María Laura de Jesús Montoya Upegui was born on 26 May 1874 in Jericó in the United States of Colombia as the second of three children to Juan de la Cruz Montoya and Dolores Upegui; she was baptized that same day. Her siblings were older sister Carmelina and younger brother Juan de la Cruz; a maternal cousin was Luisa Upegui. During the Colombian Civil War of 1876 her father was killed and the household left poor as a result of this. Therefore she was sent to live with her maternal grandmother; her grandfather was Lucio Upegui.

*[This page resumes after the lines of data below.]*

(* For all $d\ge1$, $\alpha>1$, positive weights $\boldsymbol\gamma=\{\gamma_u\}$ with $\gamma_\emptyset=1$, and $M>0$, the index set $\mathcal A_d(M)$ satisfies $$|\mathcal A_d(M)|\le M^q\,C_{1,d,q,\alpha,\boldsymbol\gamma}\qquad\text{for all }q>\tfrac1\alpha,\qquad C_{1,d,q,\alpha,\boldsymbol\gamma}:=\sum_{u\subseteq\{1:d\}}\gamma_u^q[2\zeta(\alpha q)]^{|u|}.$$ Moreover, if $M\ge1$ then $|\mathcal A_d(M)|\ge(\gamma_{\{1\}}M)^{1/\alpha}$.
   Context: $\{1:d\}=\{1,\ldots,d\}$; $\zeta$ is the Riemann zeta function. Weights $\gamma_u>0$ for finite $u\subset\mathbb N$, $\gamma_\emptyset=1$. For $\mathbf h\in\mathbb Z^d$, $\mathrm{supp}(\mathbf h)=\{j:h_j\ne0\}$, $r(\mathbf h)=\gamma_{\mathrm{supp}(\mathbf h)}^{-1}\prod_{j\in\mathrm{supp}(\mathbf h)}|h_j|^\alpha$ (so $r(\mathbf0)=1$), and $\mathcal A_d(M)=\{\mathbf h\in\mathbb Z^d:r(\mathbf h)\le M\}$. *)

From HB Require Import structures.
From mathcomp Require Import all_boot all_order all_algebra finmap.
From mathcomp Require Import all_classical all_reals all_analysis.
Set Implicit Arguments. Unset Strict Implicit. Unset Printing Implicit Defensive.
Import Order.TTheory GRing.Theory Num.Theory.
Local Open Scope classical_set_scope.
Local Open Scope ring_scope.

(* Riemann zeta function for real s (meaningful for s > 1):
   zeta s = sum_{n >= 1} n^{-s}. *)
Definition zeta (R : realType) (s : R) : R :=
  limn (fun N : nat => \sum_(1 <= n < N) ((n%:R : R) `^ (- s))).

(* Coordinates j : 'I_d (0-based) correspond to the paper's coordinates j+1. *)
Definition shiftset (d : nat) (u : {set 'I_d}) : {fset nat} :=
  [fset (val j).+1 | j in enum u]%fset.

Definition supp (d : nat) (h : {ffun 'I_d -> int}) : {fset nat} :=
  shiftset [set j | h j != 0%R].

Definition rfun (R : realType) (d : nat) (alpha : R) (gamma : {fset nat} -> R)
  (h : {ffun 'I_d -> int}) : R :=
  (gamma (supp h))^-1 * \prod_(j : 'I_d | h j != 0%R) ((`|h j|%:~R : R) `^ alpha).

Definition Aset (R : realType) (d : nat) (alpha : R) (gamma : {fset nat} -> R)
  (M : R) : set {ffun 'I_d -> int} :=
  [set h | rfun alpha gamma h <= M].

Definition C1 (R : realType) (d : nat) (q alpha : R) (gamma : {fset nat} -> R) : R :=
  \sum_(u : {set 'I_d}) (gamma (shiftset u) `^ q * (2 * zeta (alpha * q)) ^+ #|u|).

Arguments Aset {R} d alpha gamma M.
Arguments C1 {R} d q alpha gamma.
Arguments rfun {R} d alpha gamma h.

(* Every h in A_d(M) satisfies 1 <= (M gamma_{supp h} / prod_{j in supp h} |h_j|^alpha)^q for
   q > 0, so |A_d(M)| is at most M^q times the sum over all h of
   gamma_{supp h}^q prod_{j in supp h} |h_j|^(-alpha q).  Grouped by support, that sum factorizes
   into sum_u gamma_u^q (2 zeta(alpha q))^|u|, and zeta(alpha q) is finite for alpha q > 1 by
   comparing dyadic blocks with a geometric series.  To stay with finite sums, A_d(M) is put in a
   box of integer vectors encoded coordinatewise by sign and absolute value.
   For the lower bound, the points k e_1 with 0 <= k <= (gamma_{1} M)^(1/alpha) all lie in
   A_d(M). *)

Set Warnings "-notation-overridden,-notation-incompatible-prefix,-ambiguous-paths,-deprecated".
From HB Require Import structures.
From mathcomp Require Import all_boot all_order all_algebra finmap.
From mathcomp Require Import all_classical all_reals all_analysis.
Set Implicit Arguments. Unset Strict Implicit. Unset Printing Implicit Defensive.
Import Order.TTheory GRing.Theory Num.Theory.
Local Open Scope classical_set_scope.
Local Open Scope ring_scope.

Lemma powR_lt1 (R : realType) (a r : R) : 1 < a -> r < 0 -> a `^ r < 1.
Proof.
move=> a_gt1 r_lt0; rewrite lt_neqAle; apply/andP; split.
  by rewrite powR_eq1 (gt_eqF a_gt1) ltNge (ltW (lt_trans ltr01 a_gt1)) (lt_eqF r_lt0).
by rewrite -(powRr0 a) ler_powR ?ltW.
Qed.

Lemma powR_prod (R : realType) (I : finType) (P : pred I) (F : I -> R) (a : R) :
  (forall i, P i -> 0 <= F i) ->
  (\prod_(i | P i) F i) `^ a = \prod_(i | P i) F i `^ a.
Proof.
move=> F_ge0; suff [] : 0 <= \prod_(i | P i) F i /\
    (\prod_(i | P i) F i) `^ a = \prod_(i | P i) F i `^ a by [].
apply: (big_rec2 (fun x y => 0 <= x /\ x `^ a = y)) => [|i x y Pi [x_ge0 <-]].
  by rewrite powR1.
by split; [rewrite mulr_ge0 ?F_ge0 | rewrite powRM ?F_ge0].
Qed.

Section ZetaPartialSums.
Variable R : realType.
Implicit Types s : R.

Definition zeta_partial s (N : nat) : R := \sum_(1 <= n < N) n%:R `^ (- s).

Lemma zeta_partial_nondecreasing s : nondecreasing_seq (zeta_partial s).
Proof.
move=> [|m] n le_mn; rewrite /zeta_partial.
  by rewrite big_geq // sumr_ge0 // => i _; exact: powR_ge0.
by rewrite [leRHS](@big_cat_nat _ _ _ m.+1) //= lerDl sumr_ge0 // => i _; exact: powR_ge0.
Qed.

(* The [2^k] terms of the k-th dyadic block are each at most [(2^k)^(-s)]. *)
Lemma dyadic_block_le s k : 0 <= s ->
  \sum_(2 ^ k <= n < 2 ^ k.+1) n%:R `^ (- s) <= (2 `^ (1 - s)) ^+ k.
Proof.
move=> s_ge0; have pow2_gt0 : (0 < 2 ^ k)%N by rewrite expn_gt0.
apply: (@le_trans _ _ (\sum_(2 ^ k <= n < 2 ^ k.+1) (2 ^ k)%:R `^ (- s))).
  rewrite big_nat_cond [leRHS]big_nat_cond; apply: ler_sum => n /andP[/andP[le_kn _] _].
  have n_gt0 : (0 < n)%N := leq_trans pow2_gt0 le_kn.
  rewrite !powRN lef_pV2 ?posrE ?powR_gt0 ?ltr0n //.
  by rewrite ge0_ler_powR ?nnegrE ?ler0n ?ler_nat.
rewrite sumr_const_nat expnS mul2n -addnn addnK -(mulr_natl (_ `^ (- s))).
have pow2E : (2 ^ k)%:R = 2 `^ k%:R :> R by rewrite natrX powR_mulrn.
rewrite pow2E -powRrM -(powR_mulrn _ (powR_ge0 _ _)) -!powRrM -powRD ?pnatr_eq0 ?implybT //.
by rewrite mulrN [_ * k%:R]mulrC mulrBr mulr1.
Qed.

In 1881 the precarious economic condition saw her sent to an orphanage that her maternal aunt María de Jesús Upegui, a religious sister, managed. This aunt in 1890 enrolled her at "Normale de Institutoras" of Medellín to receive training to become a school teacher as a means of having an income to support the financial difficulties her mother faced. Montoya was educated at the Escuela de Espíritu Santo in Amalfi and then in Medellín. In 1886 she went to live on a farm to care for an ill aunt and it was there that her desire to become a religious began. She graduated as a teacher in 1893.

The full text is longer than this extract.